=== MATERIAL TO PROCESS ===
(* Let $r_1,r_2>0$ and let $\gamma_1,\gamma_2$ be two disjoint geodesics in $\mathbb{H}^2$, and let $\gamma$ be the set of points $q\in\mathbb{H}^2$ with $r_1\sinh d(q,\gamma_1)=r_2\sinh d(q,\gamma_2)$ (this set is a geodesic). Suppose $\mathbb{H}^2$ is isometrically identified with the Poincaré unit disk $\mathbb{D}$ so that $\gamma$ is a diameter of $\mathbb{D}$. Then the Euclidean circles containing $\gamma_1$ and $\gamma_2$ have radii in ratio $r_1:r_2$, and the inversive distance between these two Euclidean circles equals $\cosh d_{\mathbb{H}}(\gamma_1,\gamma_2)$.
   Context: The inversive distance of two Euclidean circles with radii $\rho_1,\rho_2$ whose centers are at distance $l$ is $(l^2-\rho_1^2-\rho_2^2)/(2\rho_1\rho_2)$. *)

From HB Require Import structures.
From mathcomp Require Import all_boot all_order all_algebra.
From mathcomp Require Import all_classical all_reals all_analysis.
Set Implicit Arguments. Unset Strict Implicit. Unset Printing Implicit Defensive.
Import Order.TTheory GRing.Theory Num.Theory.
Local Open Scope classical_set_scope.
Local Open Scope ring_scope.

Section Defs.
Variable R : realType.
Notation pt := (R * R)%type.

Definition cosh (x : R) : R := (expR x + expR (- x)) / 2.
Definition sinh (x : R) : R := (expR x - expR (- x)) / 2.
Definition arcosh (x : R) : R := ln (x + Num.sqrt (x ^+ 2 - 1)).

Definition sqn (p : pt) : R := p.1 ^+ 2 + p.2 ^+ 2.
Definition sqdist (p q : pt) : R := (p.1 - q.1) ^+ 2 + (p.2 - q.2) ^+ 2.

Definition disk : set pt := [set p | sqn p < 1].

Definition dH (p q : pt) : R :=
  arcosh (1 + 2 * sqdist p q / ((1 - sqn p) * (1 - sqn q))).

Definition dH_pt_set (q : pt) (A : set pt) : R := inf [set dH q p | p in A].
Definition dH_set (A B : set pt) : R :=
  inf [set dH pq.1 pq.2 | pq in A `*` B].

Definition diameter (G : set pt) : Prop :=
  exists u : pt, u != (0, 0) /\
    G = [set p | disk p /\ p.1 * u.2 - p.2 * u.1 = 0].

(* complete geodesic lines of the Poincare disk: diameters and the
   intersections with the disk of Euclidean circles orthogonal to the unit
   circle (center c, radius rho with |c|^2 = 1 + rho^2) *)
Definition geodesic (G : set pt) : Prop :=
  diameter G \/
  exists (c : pt) (rho : R), 0 < rho /\ sqn c = 1 + rho ^+ 2 /\
    G = [set p | disk p /\ sqdist p c = rho ^+ 2].

Definition circle (c : pt) (rho : R) : set pt := [set p | sqdist p c = rho ^+ 2].

Definition inversive_distance (c1 : pt) (rho1 : R) (c2 : pt) (rho2 : R) : R :=
  (sqdist c1 c2 - rho1 ^+ 2 - rho2 ^+ 2) / (2 * rho1 * rho2).
End Defs.

(* Work in the hyperboloid model: hlift maps the disk isometrically onto the upper sheet of
   mdot U U = -1 in Minkowski space, with cosh (dH p q) = - mdot (hlift p) (hlift q).  The
   geodesic on a circle (c, rho) orthogonal to the unit circle is the set of points orthogonal
   to N = (1, c), where mdot N N = rho ^+ 2, and Gram-determinant inequalities give
   sinh d(q, g) = |mdot Q N| / rho and cosh d(g1, g2) = |mdot N1 N2| / (rho1 * rho2).
   The origin lies on the diameter, so r1 sinh d(0, g1) = r2 sinh d(0, g2); with disjointness
   this rules out diameters among g1, g2 and gives r1 / rho1 = r2 / rho2.  The inversive distance is
   - mdot N1 N2 / (rho1 * rho2), and its sign is right because the bisector, which is the
   set |mdot Q N1| = |mdot Q N2|, contains the geodesic mdot Q (N1 + N2) = 0 as soon as the
   midpoint of c1 and c2 lies outside the closed unit disk, and that geodesic is no diameter. *)

From HB Require Import structures.
From mathcomp Require Import all_boot all_order all_algebra.
From mathcomp Require Import all_classical all_reals all_analysis.
From mathcomp.algebra_tactics Require Import ring lra.
Set Implicit Arguments.
Unset Strict Implicit.
Unset Printing Implicit Defensive.

Import Order.TTheory GRing.Theory Num.Theory.
Local Open Scope classical_set_scope.
Local Open Scope ring_scope.

Section HyperbolicFunctions.
Variable R : realType.
Implicit Types (s t x y : R).

Let arcosh_arg_ge1 x : 1 <= x -> 1 <= x + Num.sqrt (x ^+ 2 - 1).
Proof. by move=> x1; have := sqrtr_ge0 (x ^+ 2 - 1); lra. Qed.

Lemma arcosh_ge0 x : 1 <= x -> 0 <= arcosh x.
Proof. by move=> x1; apply/ln_ge0/arcosh_arg_ge1. Qed.

Lemma expR_arcosh x : 1 <= x -> expR (arcosh x) = x + Num.sqrt (x ^+ 2 - 1).
Proof. by move=> x1; rewrite lnK // posrE; have := arcosh_arg_ge1 x1; lra. Qed.

Lemma expRN_arcosh x : 1 <= x -> expR (- arcosh x) = x - Num.sqrt (x ^+ 2 - 1).
Proof.
move=> x1; rewrite expRN expR_arcosh //.
have x21 : 0 <= x ^+ 2 - 1 by nra.
have := sqrtr_ge0 (x ^+ 2 - 1); have := sqr_sqrtr x21.
set r := Num.sqrt _ => r2 r0.
apply: (@mulIf _ (x + r)); first by apply/eqP; lra.
by rewrite mulVf; [nra | apply/eqP; lra].
Qed.

Lemma cosh_arcosh x : 1 <= x -> cosh (arcosh x) = x.
Proof. by move=> x1; rewrite /cosh expR_arcosh // expRN_arcosh //; field. Qed.

Lemma sinh_arcosh x : 1 <= x -> sinh (arcosh x) = Num.sqrt (x ^+ 2 - 1).
Proof. by move=> x1; rewrite /sinh expR_arcosh // expRN_arcosh //; field. Qed.

Lemma sinh0 : sinh 0 = 0 :> R.
Proof. by rewrite /sinh oppr0 subrr mul0r. Qed.

Lemma arcosh_cosh t : 0 <= t -> arcosh (cosh t) = t.
Proof.
move=> t0; have sinh_ge0 : 0 <= sinh t.
  by rewrite /sinh divr_ge0 // subr_ge0 ler_expR; lra.
have e1 : expR t * expR (- t) = 1 by rewrite -expRD subrr expR0.
rewrite /arcosh.
have -> : cosh t ^+ 2 - 1 = sinh t ^+ 2 by rewrite /cosh /sinh; nra.
rewrite sqrtr_sqr ger0_norm // -[X in _ = X]expRK; congr ln.
by rewrite /cosh /sinh; field.
Qed.

Lemma lt_cosh s t : 0 <= s -> s < t -> cosh s < cosh t.
Proof.
move=> s0 st; rewrite -subr_gt0.
have -> : cosh t - cosh s = (expR t - expR s) * (1 - expR (- (s + t))) / 2.
  by rewrite /cosh !expRN expRD; field; rewrite !expR_eq0.
rewrite divr_gt0 // mulr_gt0 // subr_gt0 ?ltr_expR // -expR0 ltr_expR; lra.
Qed.

Lemma le_arcosh x y : 1 <= x -> x <= y -> arcosh x <= arcosh y.
Proof.
move=> x1 xy; have := arcosh_arg_ge1 x1; have := arcosh_arg_ge1 (le_trans x1 xy).
move=> y1 x1'; rewrite /arcosh ler_ln ?posrE; [|lra|lra].
by rewrite lerD // ler_sqrt; nra.
Qed.

Lemma inf_arcosh (T : Type) (A : set T) (f : T -> R) (K : R) :
  1 <= K -> (forall a, A a -> K <= f a) ->
  (forall x, K < x -> exists2 a, A a & f a <= x) ->
  inf [set arcosh (f a) | a in A] = arcosh K.
Proof.
move=> K1 f_ge f_near; set S := [set _ | _ in _].
have S_ge : lbound S (arcosh K) by move=> _ [a Aa <-]; apply: le_arcosh; auto.
apply/eqP; rewrite eq_le; apply/andP; split; last first.
  apply: lb_le_inf S_ge; have [a Aa _] := f_near (K + 1) ltac:(lra).
  by exists (arcosh (f a)), a.
apply/ler_addgt0Pr => e e0.
have [|a Aa fa] := f_near (cosh (arcosh K + e)).
  by rewrite -[X in X < _](cosh_arcosh K1) lt_cosh ?arcosh_ge0 //; lra.
apply: (le_trans (ge_inf (ex_intro _ _ S_ge) (ex_intro2 _ _ a Aa erefl))).
rewrite -[X in _ <= X]arcosh_cosh; last by have := arcosh_ge0 K1; lra.
by apply: le_arcosh fa; apply: le_trans (f_ge a Aa).
Qed.

End HyperbolicFunctions.

Section Minkowski.
Variable R : realType.
Notation pt := (R * R)%type.

Definition vec := (R * pt)%type.

Definition dot (x y : pt) : R := x.1 * y.1 + x.2 * y.2.
Definition mdot (U V : vec) : R := - U.1 * V.1 + dot U.2 V.2.
Definition vcomb (a : R) (U : vec) (b : R) (V : vec) : vec :=
  (a * U.1 + b * V.1, (a * U.2.1 + b * V.2.1, a * U.2.2 + b * V.2.2)).
Definition hyperboloid (U : vec) : Prop := mdot U U = -1 /\ 0 < U.1.

Implicit Types (N U V W Y Z : vec).

Lemma mdotC U V : mdot U V = mdot V U.
Proof. by rewrite /mdot /dot /=; ring. Qed.

Lemma mdot_combl a U b V W : mdot (vcomb a U b V) W = a * mdot U W + b * mdot V W.
Proof. by rewrite /mdot /dot /=; ring. Qed.

Lemma mdot_combr a U b V W : mdot W (vcomb a U b V) = a * mdot W U + b * mdot W V.
Proof. by rewrite /mdot /dot /=; ring. Qed.

Lemma hyperboloid_mdot_le U V : hyperboloid U -> hyperboloid V -> mdot U V <= -1.
Proof.
move: U V => [u0 [u1 u2]] [v0 [v1 v2]] [/= uu u0_gt0] [/= vv v0_gt0].
move: uu vv; rewrite /mdot /dot /= => uu vv.
have lagrange : (u0 * v0) ^+ 2 - (1 + u1 * v1 + u2 * v2) ^+ 2 =
   (u1 - v1) ^+ 2 + (u2 - v2) ^+ 2 + (u1 * v2 - u2 * v1) ^+ 2.
  have -> : (u0 * v0) ^+ 2 = u0 ^+ 2 * v0 ^+ 2 by ring.
  have -> : u0 ^+ 2 = 1 + u1 ^+ 2 + u2 ^+ 2 by lra.
  have -> : v0 ^+ 2 = 1 + v1 ^+ 2 + v2 ^+ 2 by lra.
  by ring.
suff : 1 + u1 * v1 + u2 * v2 <= u0 * v0 by lra.
have [le0|gt0] := lerP (1 + u1 * v1 + u2 * v2) 0; first by nra.
rewrite -(ler_pXn2r (n := 2)) ?nnegrE //; [|lra|exact/ltW/mulr_gt0].
by have := sqr_ge0 (u1 - v1); have := sqr_ge0 (u2 - v2); have := sqr_ge0 (u1 * v2 - u2 * v1); lra.
Qed.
===
# EXERCISE INSTRUCTIONS:
Give back only the lines from the one containing "have -> : u0" through the final line of the entries above, exactly as written, both included.

# EXERCISE RESPONSE:
  have -> : u0 ^+ 2 = 1 + u1 ^+ 2 + u2 ^+ 2 by lra.
  have -> : v0 ^+ 2 = 1 + v1 ^+ 2 + v2 ^+ 2 by lra.
  by ring.
suff : 1 + u1 * v1 + u2 * v2 <= u0 * v0 by lra.
have [le0|gt0] := lerP (1 + u1 * v1 + u2 * v2) 0; first by nra.
rewrite -(ler_pXn2r (n := 2)) ?nnegrE //; [|lra|exact/ltW/mulr_gt0].
by have := sqr_ge0 (u1 - v1); have := sqr_ge0 (u2 - v2); have := sqr_ge0 (u1 * v2 - u2 * v1); lra.
Qed.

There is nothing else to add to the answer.